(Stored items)
(* Let $\Omega\subset\mathbb{R}^3$ be a bounded domain and $N>0$. For all $u,v\in L^4(\Omega)^3$, $$\|F_N(u)\,u\otimes u-F_N(v)\,v\otimes v\|_{L^2}\leqslant 3N\|u-v\|_{L^4}\quad\text{and}\quad\|F_N(u)\,u\otimes u\|_{L^2}\leqslant N\|u\|_{L^4}.$$
   Context: $f_N(r)=\min\{1,N/r\}$ for $r\geqslant0$ (with $f_N(0)=1$), and $F_N(u)=f_N(\|u\|_{L^4(\Omega)^3})$. For $u,v:\Omega\to\mathbb{R}^3$, $u\otimes v$ is the matrix-valued function $(u_iv_j)_{i,j=1}^3$; $L^2$-norms of matrix-valued functions use the Frobenius (Euclidean) norm pointwise. $L^r$ denotes $L^r(\Omega)^3$ (or its matrix analogue). *)

From HB Require Import structures.
From mathcomp Require Import all_boot all_order all_algebra.
From mathcomp Require Import all_classical all_reals all_analysis.
Set Implicit Arguments. Unset Strict Implicit. Unset Printing Implicit Defensive.
Import Order.TTheory GRing.Theory Num.Theory.
Import numFieldNormedType.Exports.
Local Open Scope classical_set_scope.
Local Open Scope ring_scope.

Definition R3 (R : realType) := ((R * R) * R)%type.

Definition leb3 (R : realType) :=
  ((@lebesgue_measure R \x @lebesgue_measure R) \x @lebesgue_measure R)%E.

Definition eucl (R : realType) (a : 'rV[R]_3) : R := Num.sqrt (\sum_(i < 3) a 0 i ^+ 2).

Definition tens (R : realType) (a b : 'rV[R]_3) : 'M[R]_3 := \matrix_(i, j) (a 0 i * b 0 j).
Definition frob (R : realType) (A : 'M[R]_3) : R :=
  Num.sqrt (\sum_(i < 3) \sum_(j < 3) A i j ^+ 2).

Definition LpnormD (R : realType) (D : set (R3 R)) (p : R) (g : R3 R -> R) : \bar R :=
  ((\int[@leb3 R]_(x in D) (`|g x| `^ p)%:E) `^ p^-1)%E.

Definition L4vec (R : realType) (D : set (R3 R)) (u : R3 R -> 'rV[R]_3) : \bar R :=
  LpnormD D 4 (fun x => eucl (u x)).
Definition L2mat (R : realType) (D : set (R3 R)) (A : R3 R -> 'M[R]_3) : \bar R :=
  LpnormD D 2 (fun x => frob (A x)).

Definition inL4 (R : realType) (D : set (R3 R)) (u : R3 R -> 'rV[R]_3) : Prop :=
  (forall i : 'I_3, measurable_fun D (fun x => u x 0 i)) /\ (L4vec D u < +oo)%E.

Definition fN (R : realType) (N r : R) : R := if r == 0 then 1 else Num.min 1 (N / r).

Definition FN (R : realType) (D : set (R3 R)) (N : R) (u : R3 R -> 'rV[R]_3) : R :=
  fN N (fine (L4vec D u)).

From HB Require Import structures.
From mathcomp Require Import all_boot all_order all_algebra.
From mathcomp Require Import all_classical all_reals all_analysis.
From mathcomp Require Import measurable_realfun ring lra.
Set Implicit Arguments. Unset Strict Implicit. Unset Printing Implicit Defensive.
Import Order.TTheory GRing.Theory Num.Theory.
Import numFieldNormedType.Exports.
Local Open Scope classical_set_scope.
Local Open Scope ring_scope.

(* Write U = F_N(u), V = F_N(v) and a, b, d for the L^4 norms of u, v, u - v. Pointwise,
     U u(x)u(x) - V v(x)v(x) = U (u - v)(x) u(x) + U v(x) (u - v)(x) + (U - V) v(x) v(x),
   and the Frobenius norm of a tensor product is the product of the Euclidean norms, so
   Minkowski's inequality and Hoelder's inequality ||fg||_2 <= ||f||_4 ||g||_4 bound the
   L^2 norm by U (d a + b d) + |U - V| b^2. By symmetry b <= a; then f_N(a) a <= N and
   (f_N(b) - f_N(a)) b^2 <= N (a - b) <= N d, where f_N(r) = N / max(N, r), give 3 N d.
   The second estimate is f_N(a) a^2 <= N a. *)

Section sqrt_sum_sqr.
Variables (R : rcfType) (I : finType).
Implicit Types a b : I -> R.

Lemma sum_mul_sqr_le a b :
  (\sum_i a i * b i) ^+ 2 <= (\sum_i a i ^+ 2) * (\sum_i b i ^+ 2).
Proof.
set A := \sum_i a i ^+ 2; set B := \sum_i b i ^+ 2; set C := \sum_i a i * b i.
have lagrange : \sum_i \sum_j (a i * b j - a j * b i) ^+ 2 = A * B + B * A - 2 * (C * C).
  rewrite /A /B /C !big_distrlr mulr_sumr -big_split -sumrB /=.
  apply: eq_bigr => i _; rewrite mulr_sumr -big_split -sumrB.
  by apply: eq_bigr => j _ /=; ring.
have : 0 <= \sum_i \sum_j (a i * b j - a j * b i) ^+ 2.
  by apply: sumr_ge0 => i _; apply: sumr_ge0 => j _; exact: sqr_ge0.
rewrite lagrange expr2; lra.
Qed.

Lemma sqrt_sum_sqrD_le a b :
  Num.sqrt (\sum_i (a i + b i) ^+ 2) <=
  Num.sqrt (\sum_i a i ^+ 2) + Num.sqrt (\sum_i b i ^+ 2).
Proof.
set A := \sum_i a i ^+ 2; set B := \sum_i b i ^+ 2; set C := \sum_i a i * b i.
have A0 : 0 <= A by apply: sumr_ge0 => i _; exact: sqr_ge0.
have B0 : 0 <= B by apply: sumr_ge0 => i _; exact: sqr_ge0.
have -> : \sum_i (a i + b i) ^+ 2 = A + B + 2 * C.
  by rewrite /A /B /C mulr_sumr -!big_split /=; apply: eq_bigr => i _; ring.
have CAB : C <= Num.sqrt A * Num.sqrt B.
  rewrite -sqrtrM //; apply: le_trans (ler_norm C) _.
  by rewrite -sqrtr_sqr ler_wsqrtr // sum_mul_sqr_le.
rewrite -[leRHS]ger0_norm ?addr_ge0 ?sqrtr_ge0 // -sqrtr_sqr.
by rewrite ler_wsqrtr // sqrrD !sqr_sqrtr //; lra.
Qed.

End sqrt_sum_sqr.

Section euclidean_norms.
Variable R : realType.
Implicit Types (a b : 'rV[R]_3) (A B : 'M[R]_3).

Lemma euclD_le a b : eucl (a + b) <= eucl a + eucl b.
Proof.
rewrite /eucl (eq_bigr (fun i => (a 0 i + b 0 i) ^+ 2)) => [|i _]; last by rewrite mxE.
exact: sqrt_sum_sqrD_le.
Qed.

Lemma euclN a : eucl (- a) = eucl a.
Proof. by rewrite /eucl; congr Num.sqrt; apply: eq_bigr => i _; rewrite mxE sqrrN. Qed.

Lemma frobE A : frob A = Num.sqrt (\sum_(k : 'I_3 * 'I_3) A k.1 k.2 ^+ 2).
Proof. by rewrite /frob pair_bigA. Qed.

Lemma frobD_le A B : frob (A + B) <= frob A + frob B.
Proof.
rewrite !frobE (eq_bigr (fun k => (A k.1 k.2 + B k.1 k.2) ^+ 2)) => [|k _].
  exact: sqrt_sum_sqrD_le.
by rewrite mxE.
Qed.

Lemma frobN A : frob (- A) = frob A.
Proof. by rewrite !frobE; congr Num.sqrt; apply: eq_bigr => k _; rewrite mxE sqrrN. Qed.

Lemma frobZ c A : frob (c *: A) = `|c| * frob A.
Proof.
rewrite !frobE -sqrtr_sqr -sqrtrM ?sqr_ge0 // mulr_sumr; congr Num.sqrt.
by apply: eq_bigr => k _; rewrite mxE exprMn.
Qed.

Lemma frob_tens a b : frob (tens a b) = eucl a * eucl b.
Proof.
rewrite /frob /eucl -sqrtrM ?sumr_ge0 // => [|i _]; last exact: sqr_ge0.
congr Num.sqrt; rewrite big_distrlr /=; apply: eq_bigr => i _; apply: eq_bigr => j _.
by rewrite mxE exprMn.
Qed.

Lemma scale_tens_subE c c' a b :
  c *: tens a a - c' *: tens b b =
  c *: tens (a - b) a + c *: tens b (a - b) + (c - c') *: tens b b.
Proof. by apply/matrixP => i j; rewrite !mxE; ring. Qed.

Lemma frob_scale_tens_sub_le c c' a b : 0 <= c ->
  frob (c *: tens a a - c' *: tens b b) <=
  c * (eucl (a - b) * eucl a) + c * (eucl b * eucl (a - b)) + `|c - c'| * (eucl b * eucl b).
Proof.
move=> c0; rewrite scale_tens_subE.
apply: le_trans (frobD_le _ _) _; rewrite frobZ frob_tens lerD2r.
apply: le_trans (frobD_le _ _) _.
by rewrite !frobZ !frob_tens ger0_norm.
Qed.

End euclidean_norms.

Section truncation_factor.
Variables (R : realType) (N : R).
Hypothesis N0 : 0 < N.
Implicit Types a b d r : R.

Lemma fNE r : 0 <= r -> fN N r = N / Num.max N r.
Proof.
rewrite /fN le0r => /predU1P[->|r0]; first by rewrite eqxx max_l ?ltW ?divff ?gt_eqF.
rewrite gt_eqF //; have [rN|Nr] := leP r N.
  by rewrite divff ?gt_eqF // min_l // ler_pdivlMr // mul1r.
by rewrite min_r // ler_pdivrMr // mul1r ltW.
Qed.

Lemma max_gt0 r : 0 < Num.max N r.
Proof. by rewrite lt_max N0. Qed.

Lemma fN_ge0 r : 0 <= r -> 0 <= fN N r.
Proof. by move=> r0; rewrite fNE // divr_ge0 ?ltW ?max_gt0. Qed.

Lemma fN_mul_le r : 0 <= r -> fN N r * r <= N.
Proof.
move=> r0; rewrite fNE // mulrAC ler_pdivrMr ?max_gt0 //.
by rewrite ler_pM2l // le_max lexx orbT.
Qed.

Lemma fN_le a b : 0 <= b -> b <= a -> fN N a <= fN N b.
Proof.
move=> b0 ba; rewrite !fNE ?(le_trans b0) // ler_pM2l // lef_pV2 ?posrE ?max_gt0 //.
by rewrite ge_max le_max lexx /= le_max ba orbT.
Qed.

Lemma fN_subr_mul_sqr_le a b : 0 <= b -> b <= a ->
  (fN N b - fN N a) * b ^+ 2 <= N * (a - b).
Proof.
move=> b0 ba; rewrite !fNE ?(le_trans b0) //.
set m := Num.max N a; set n := Num.max N b.
have n0 : 0 < n := max_gt0 b.
have bn : b <= n by rewrite le_max lexx orbT.
have nm : n <= m by rewrite ge_max le_max lexx /= le_max ba orbT.
have m0 : 0 < m := lt_le_trans n0 nm.
have Nn : N <= n by rewrite le_max lexx.
have mn_ab : m - n <= a - b by rewrite lerBlDr ge_max; apply/andP; split; lra.
have -> : (N / n - N / m) * b ^+ 2 = N * (m - n) * (b / n) * (b / m).
  by field; rewrite !gt_eqF.
have bn1 : b / n <= 1 by rewrite ler_pdivrMr // mul1r.
have bm1 : b / m <= 1 by rewrite ler_pdivrMr // mul1r (le_trans bn).
have bnm1 : b / n * (b / m) <= 1.
  by apply: mulr_ile1; rewrite // divr_ge0 // ltW.
have Nmn0 : 0 <= N * (m - n) by rewrite mulr_ge0 ?subr_ge0 // ltW.
rewrite -mulrA; apply: le_trans (ler_wpM2l Nmn0 bnm1) _.
by rewrite mulr1 ler_pM2l.
Qed.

What you are asked to do
Go through the lines above and copy any that contain "Frobenius".

Task output
   Context: $f_N(r)=\min\{1,N/r\}$ for $r\geqslant0$ (with $f_N(0)=1$), and $F_N(u)=f_N(\|u\|_{L^4(\Omega)^3})$. For $u,v:\Omega\to\mathbb{R}^3$, $u\otimes v$ is the matrix-valued function $(u_iv_j)_{i,j=1}^3$; $L^2$-norms of matrix-valued functions use the Frobenius (Euclidean) norm pointwise. $L^r$ denotes $L^r(\Omega)^3$ (or its matrix analogue). *)
   and the Frobenius norm of a tensor product is the product of the Euclidean norms, so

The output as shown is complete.